PROBLEM STATEMENT: In the records below, copy the line that contains "forall w, all_components_finite" and each line after it, word for word, through the last.

Stored items:
===

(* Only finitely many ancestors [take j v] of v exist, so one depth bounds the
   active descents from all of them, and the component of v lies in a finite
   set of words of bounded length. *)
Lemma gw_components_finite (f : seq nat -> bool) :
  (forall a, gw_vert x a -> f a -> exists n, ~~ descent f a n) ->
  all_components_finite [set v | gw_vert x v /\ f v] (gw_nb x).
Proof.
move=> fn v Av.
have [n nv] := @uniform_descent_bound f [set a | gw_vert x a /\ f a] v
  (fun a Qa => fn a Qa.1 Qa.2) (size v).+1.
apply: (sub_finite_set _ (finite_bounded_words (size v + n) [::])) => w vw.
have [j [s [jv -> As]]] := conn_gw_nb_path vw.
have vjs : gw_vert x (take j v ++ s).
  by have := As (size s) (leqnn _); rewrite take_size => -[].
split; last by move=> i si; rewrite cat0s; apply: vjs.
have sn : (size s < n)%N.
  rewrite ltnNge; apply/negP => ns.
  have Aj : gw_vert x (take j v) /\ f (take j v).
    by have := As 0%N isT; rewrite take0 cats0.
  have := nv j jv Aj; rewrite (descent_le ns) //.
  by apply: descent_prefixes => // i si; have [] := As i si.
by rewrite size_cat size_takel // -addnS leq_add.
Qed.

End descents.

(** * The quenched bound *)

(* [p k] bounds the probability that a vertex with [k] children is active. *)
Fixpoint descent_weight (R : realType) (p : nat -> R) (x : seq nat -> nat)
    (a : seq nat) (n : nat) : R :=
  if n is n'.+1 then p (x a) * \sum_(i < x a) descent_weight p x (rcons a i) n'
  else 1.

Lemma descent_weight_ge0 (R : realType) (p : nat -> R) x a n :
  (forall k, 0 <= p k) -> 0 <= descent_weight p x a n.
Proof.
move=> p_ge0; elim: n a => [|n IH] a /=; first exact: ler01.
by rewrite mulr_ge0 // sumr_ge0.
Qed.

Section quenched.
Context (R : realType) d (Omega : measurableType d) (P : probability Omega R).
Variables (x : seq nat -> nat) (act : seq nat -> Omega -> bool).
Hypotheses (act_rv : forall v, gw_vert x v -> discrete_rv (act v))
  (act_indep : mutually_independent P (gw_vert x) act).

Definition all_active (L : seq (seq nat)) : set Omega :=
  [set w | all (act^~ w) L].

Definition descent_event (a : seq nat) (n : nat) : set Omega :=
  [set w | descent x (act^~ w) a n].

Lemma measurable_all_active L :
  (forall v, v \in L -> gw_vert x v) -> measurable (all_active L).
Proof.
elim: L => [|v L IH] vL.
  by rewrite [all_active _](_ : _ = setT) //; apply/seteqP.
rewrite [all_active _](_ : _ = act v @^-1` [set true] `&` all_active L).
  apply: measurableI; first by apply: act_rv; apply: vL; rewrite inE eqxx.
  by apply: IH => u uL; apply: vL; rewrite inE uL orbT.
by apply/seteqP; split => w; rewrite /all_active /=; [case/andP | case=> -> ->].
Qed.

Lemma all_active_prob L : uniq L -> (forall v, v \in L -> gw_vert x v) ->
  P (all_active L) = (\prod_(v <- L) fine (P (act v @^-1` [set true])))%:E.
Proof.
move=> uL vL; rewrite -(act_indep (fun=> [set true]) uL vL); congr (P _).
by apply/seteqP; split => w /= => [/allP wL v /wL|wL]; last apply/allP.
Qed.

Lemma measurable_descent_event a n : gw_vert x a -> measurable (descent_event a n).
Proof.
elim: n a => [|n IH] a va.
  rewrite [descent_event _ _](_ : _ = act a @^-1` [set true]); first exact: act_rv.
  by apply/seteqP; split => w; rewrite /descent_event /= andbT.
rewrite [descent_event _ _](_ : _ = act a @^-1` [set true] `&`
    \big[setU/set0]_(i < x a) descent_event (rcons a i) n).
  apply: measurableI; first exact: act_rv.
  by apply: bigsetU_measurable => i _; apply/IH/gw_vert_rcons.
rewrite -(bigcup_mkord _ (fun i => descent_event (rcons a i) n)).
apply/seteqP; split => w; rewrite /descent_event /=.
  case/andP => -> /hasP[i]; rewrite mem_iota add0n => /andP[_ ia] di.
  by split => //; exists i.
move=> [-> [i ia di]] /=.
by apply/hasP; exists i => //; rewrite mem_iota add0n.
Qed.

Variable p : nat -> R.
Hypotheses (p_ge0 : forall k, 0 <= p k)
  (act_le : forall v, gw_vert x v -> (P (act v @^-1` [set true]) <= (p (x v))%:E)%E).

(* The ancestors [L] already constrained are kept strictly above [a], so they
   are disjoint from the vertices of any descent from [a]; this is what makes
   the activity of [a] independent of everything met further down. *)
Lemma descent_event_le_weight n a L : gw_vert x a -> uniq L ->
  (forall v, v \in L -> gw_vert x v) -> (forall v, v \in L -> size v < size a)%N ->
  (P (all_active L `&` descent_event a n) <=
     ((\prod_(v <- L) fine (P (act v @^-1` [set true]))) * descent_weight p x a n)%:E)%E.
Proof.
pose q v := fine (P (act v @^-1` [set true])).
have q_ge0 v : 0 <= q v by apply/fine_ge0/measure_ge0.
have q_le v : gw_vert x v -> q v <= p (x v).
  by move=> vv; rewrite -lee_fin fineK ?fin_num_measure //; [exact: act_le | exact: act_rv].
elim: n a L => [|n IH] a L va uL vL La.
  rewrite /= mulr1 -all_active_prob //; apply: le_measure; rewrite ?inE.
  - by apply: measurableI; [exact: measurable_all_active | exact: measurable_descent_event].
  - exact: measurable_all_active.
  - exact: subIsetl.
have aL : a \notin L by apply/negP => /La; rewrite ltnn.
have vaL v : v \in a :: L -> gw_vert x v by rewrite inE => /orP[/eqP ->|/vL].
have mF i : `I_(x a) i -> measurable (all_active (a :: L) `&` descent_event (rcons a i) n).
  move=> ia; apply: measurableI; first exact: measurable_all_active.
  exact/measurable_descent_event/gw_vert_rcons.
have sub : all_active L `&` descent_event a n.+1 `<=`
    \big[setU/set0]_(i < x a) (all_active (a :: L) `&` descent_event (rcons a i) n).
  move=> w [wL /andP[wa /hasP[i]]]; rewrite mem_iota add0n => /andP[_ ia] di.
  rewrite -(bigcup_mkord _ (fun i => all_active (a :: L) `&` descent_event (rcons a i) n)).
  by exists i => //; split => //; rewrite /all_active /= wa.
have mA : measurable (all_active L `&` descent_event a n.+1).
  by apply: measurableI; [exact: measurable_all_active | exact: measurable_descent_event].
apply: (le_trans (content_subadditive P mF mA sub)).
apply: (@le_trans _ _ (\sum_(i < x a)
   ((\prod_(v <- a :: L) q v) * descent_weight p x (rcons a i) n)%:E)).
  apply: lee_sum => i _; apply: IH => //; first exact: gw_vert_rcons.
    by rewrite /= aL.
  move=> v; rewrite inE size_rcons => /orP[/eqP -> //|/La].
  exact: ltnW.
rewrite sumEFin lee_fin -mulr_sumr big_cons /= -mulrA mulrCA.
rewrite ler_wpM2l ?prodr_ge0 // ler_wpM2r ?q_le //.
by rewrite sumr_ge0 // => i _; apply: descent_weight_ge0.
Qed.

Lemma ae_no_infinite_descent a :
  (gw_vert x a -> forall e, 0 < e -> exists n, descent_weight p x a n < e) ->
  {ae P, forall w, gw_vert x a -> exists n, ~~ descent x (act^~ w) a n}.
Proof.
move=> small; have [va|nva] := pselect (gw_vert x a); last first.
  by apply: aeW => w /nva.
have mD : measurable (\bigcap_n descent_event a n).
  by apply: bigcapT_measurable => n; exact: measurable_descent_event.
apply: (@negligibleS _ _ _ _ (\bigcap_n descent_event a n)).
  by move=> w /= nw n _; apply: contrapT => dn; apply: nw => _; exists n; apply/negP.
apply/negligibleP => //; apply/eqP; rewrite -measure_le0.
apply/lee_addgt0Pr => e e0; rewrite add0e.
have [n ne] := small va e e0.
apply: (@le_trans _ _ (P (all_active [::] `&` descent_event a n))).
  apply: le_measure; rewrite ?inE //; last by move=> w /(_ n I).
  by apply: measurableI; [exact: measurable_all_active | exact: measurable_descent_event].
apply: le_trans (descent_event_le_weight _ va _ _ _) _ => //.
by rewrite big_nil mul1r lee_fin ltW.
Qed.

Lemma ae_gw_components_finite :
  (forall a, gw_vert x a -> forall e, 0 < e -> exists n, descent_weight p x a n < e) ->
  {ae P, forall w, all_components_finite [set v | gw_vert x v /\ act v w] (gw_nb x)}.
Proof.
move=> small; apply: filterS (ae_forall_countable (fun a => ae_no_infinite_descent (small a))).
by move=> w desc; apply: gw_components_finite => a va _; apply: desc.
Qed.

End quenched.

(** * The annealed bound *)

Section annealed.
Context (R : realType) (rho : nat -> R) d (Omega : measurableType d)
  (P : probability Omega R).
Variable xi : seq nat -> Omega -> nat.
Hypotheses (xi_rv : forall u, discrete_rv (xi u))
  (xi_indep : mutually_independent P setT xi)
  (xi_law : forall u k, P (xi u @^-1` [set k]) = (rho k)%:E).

===

OUTPUT FOR THIS EXERCISE:
  {ae P, forall w, all_components_finite [set v | gw_vert x v /\ act v w] (gw_nb x)}.
Proof.
move=> small; apply: filterS (ae_forall_countable (fun a => ae_no_infinite_descent (small a))).
by move=> w desc; apply: gw_components_finite => a va _; apply: desc.
Qed.

End quenched.

(** * The annealed bound *)

Section annealed.
Context (R : realType) (rho : nat -> R) d (Omega : measurableType d)
  (P : probability Omega R).
Variable xi : seq nat -> Omega -> nat.
Hypotheses (xi_rv : forall u, discrete_rv (xi u))
  (xi_indep : mutually_independent P setT xi)
  (xi_law : forall u k, P (xi u @^-1` [set k]) = (rho k)%:E).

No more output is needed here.